__Requirement__
A single number is wanted: how many lines of the records below contain the word "transitivity".

START Exercise materials

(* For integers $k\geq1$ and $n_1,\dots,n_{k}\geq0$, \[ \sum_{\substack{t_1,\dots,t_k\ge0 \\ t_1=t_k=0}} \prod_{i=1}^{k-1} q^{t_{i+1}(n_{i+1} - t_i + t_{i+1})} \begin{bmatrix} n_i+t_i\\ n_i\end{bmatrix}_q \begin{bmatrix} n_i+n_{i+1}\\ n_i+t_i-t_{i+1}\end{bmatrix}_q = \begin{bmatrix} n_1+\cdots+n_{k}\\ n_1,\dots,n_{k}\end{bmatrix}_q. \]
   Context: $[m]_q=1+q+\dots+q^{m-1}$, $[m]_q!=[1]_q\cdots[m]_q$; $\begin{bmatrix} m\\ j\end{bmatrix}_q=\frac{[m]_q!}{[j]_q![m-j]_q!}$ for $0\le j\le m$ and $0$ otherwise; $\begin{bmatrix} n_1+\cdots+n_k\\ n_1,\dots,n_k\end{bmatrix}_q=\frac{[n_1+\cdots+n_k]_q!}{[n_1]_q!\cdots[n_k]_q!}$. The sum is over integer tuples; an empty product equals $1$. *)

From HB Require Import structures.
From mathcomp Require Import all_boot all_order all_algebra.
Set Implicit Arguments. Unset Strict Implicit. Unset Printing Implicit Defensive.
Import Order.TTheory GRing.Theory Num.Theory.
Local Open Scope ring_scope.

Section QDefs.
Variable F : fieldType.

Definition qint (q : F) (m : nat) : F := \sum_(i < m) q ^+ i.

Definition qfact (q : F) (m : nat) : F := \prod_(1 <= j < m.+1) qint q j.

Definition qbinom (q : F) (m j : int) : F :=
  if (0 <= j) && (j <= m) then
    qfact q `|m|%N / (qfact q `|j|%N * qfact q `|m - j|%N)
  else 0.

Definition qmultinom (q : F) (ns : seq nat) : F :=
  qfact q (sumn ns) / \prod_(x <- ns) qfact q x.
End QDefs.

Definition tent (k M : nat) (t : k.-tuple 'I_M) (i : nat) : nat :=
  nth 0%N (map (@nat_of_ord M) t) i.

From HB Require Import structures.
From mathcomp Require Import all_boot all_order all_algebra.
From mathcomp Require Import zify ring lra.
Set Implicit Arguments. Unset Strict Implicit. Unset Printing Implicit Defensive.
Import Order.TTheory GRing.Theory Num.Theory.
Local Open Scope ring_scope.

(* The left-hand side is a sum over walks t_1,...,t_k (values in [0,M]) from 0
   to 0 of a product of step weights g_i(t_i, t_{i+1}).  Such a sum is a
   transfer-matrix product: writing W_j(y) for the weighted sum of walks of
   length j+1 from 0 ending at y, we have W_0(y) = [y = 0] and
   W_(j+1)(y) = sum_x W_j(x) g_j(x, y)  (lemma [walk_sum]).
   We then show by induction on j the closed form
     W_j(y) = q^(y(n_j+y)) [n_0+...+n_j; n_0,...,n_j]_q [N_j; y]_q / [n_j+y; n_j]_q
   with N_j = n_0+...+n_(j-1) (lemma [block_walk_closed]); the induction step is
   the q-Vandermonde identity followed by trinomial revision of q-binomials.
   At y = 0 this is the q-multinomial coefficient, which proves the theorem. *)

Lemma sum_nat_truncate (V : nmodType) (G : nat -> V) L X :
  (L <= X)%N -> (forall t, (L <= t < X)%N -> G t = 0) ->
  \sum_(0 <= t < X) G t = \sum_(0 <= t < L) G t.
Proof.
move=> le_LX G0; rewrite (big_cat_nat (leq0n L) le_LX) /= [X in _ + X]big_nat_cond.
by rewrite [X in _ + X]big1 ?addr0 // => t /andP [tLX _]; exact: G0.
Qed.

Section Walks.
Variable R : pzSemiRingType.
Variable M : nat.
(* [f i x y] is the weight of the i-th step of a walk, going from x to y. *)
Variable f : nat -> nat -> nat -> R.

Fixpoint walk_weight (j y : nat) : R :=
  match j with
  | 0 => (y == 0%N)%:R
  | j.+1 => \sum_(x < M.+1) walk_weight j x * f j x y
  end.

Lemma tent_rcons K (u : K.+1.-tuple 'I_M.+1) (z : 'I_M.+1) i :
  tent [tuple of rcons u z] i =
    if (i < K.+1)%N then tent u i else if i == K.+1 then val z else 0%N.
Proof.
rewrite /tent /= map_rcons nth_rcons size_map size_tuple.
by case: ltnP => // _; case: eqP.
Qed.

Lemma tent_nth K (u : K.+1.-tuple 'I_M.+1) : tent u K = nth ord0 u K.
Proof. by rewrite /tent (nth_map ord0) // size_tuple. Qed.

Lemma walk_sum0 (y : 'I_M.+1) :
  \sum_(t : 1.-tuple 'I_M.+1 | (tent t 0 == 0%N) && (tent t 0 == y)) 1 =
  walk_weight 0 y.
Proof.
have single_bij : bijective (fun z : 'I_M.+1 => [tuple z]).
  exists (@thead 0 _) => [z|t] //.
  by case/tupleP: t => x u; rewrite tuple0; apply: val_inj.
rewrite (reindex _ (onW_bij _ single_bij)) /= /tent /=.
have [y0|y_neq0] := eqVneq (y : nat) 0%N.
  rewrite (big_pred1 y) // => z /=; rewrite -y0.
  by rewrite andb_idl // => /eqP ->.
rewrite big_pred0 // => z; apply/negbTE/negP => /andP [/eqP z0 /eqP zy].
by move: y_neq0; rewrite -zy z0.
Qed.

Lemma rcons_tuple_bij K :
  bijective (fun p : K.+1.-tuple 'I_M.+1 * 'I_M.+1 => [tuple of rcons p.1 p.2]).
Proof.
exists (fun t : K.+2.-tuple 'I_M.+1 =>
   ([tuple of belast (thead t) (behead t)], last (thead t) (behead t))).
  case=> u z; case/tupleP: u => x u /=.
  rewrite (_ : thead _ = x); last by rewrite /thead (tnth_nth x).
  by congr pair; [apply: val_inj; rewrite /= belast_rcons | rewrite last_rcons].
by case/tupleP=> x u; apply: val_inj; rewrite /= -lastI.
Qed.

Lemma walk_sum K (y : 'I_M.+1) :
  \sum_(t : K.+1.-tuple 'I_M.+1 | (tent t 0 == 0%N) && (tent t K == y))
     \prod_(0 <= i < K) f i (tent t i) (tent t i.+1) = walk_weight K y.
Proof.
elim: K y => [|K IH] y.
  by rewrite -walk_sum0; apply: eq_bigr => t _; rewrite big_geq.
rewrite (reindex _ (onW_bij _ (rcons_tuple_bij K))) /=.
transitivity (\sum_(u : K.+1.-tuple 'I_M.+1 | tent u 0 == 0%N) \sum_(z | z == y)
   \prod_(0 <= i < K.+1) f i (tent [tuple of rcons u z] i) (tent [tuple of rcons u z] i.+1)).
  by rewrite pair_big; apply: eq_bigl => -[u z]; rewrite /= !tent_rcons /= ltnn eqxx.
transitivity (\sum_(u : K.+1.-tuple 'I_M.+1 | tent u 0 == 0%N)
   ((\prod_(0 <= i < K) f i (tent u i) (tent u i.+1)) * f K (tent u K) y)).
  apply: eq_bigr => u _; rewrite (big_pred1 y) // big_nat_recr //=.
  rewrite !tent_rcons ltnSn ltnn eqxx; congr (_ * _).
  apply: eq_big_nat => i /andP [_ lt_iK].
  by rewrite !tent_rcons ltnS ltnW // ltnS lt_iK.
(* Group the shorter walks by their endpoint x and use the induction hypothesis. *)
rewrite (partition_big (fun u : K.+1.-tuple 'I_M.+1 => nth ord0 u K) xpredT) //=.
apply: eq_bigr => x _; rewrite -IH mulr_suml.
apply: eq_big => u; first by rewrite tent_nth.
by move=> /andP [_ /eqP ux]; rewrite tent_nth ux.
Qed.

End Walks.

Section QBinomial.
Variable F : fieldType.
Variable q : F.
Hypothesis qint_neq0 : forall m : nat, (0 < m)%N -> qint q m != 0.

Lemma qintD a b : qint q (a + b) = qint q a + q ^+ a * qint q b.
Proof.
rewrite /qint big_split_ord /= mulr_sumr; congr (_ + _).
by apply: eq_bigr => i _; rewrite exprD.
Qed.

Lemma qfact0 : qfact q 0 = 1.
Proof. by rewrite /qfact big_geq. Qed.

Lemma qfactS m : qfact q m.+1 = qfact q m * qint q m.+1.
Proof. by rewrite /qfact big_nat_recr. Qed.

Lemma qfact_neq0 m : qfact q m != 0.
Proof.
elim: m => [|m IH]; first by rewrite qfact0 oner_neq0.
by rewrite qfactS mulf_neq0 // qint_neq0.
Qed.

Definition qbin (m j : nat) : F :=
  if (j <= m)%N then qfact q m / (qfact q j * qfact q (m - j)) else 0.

END Exercise materials

__Written response__
2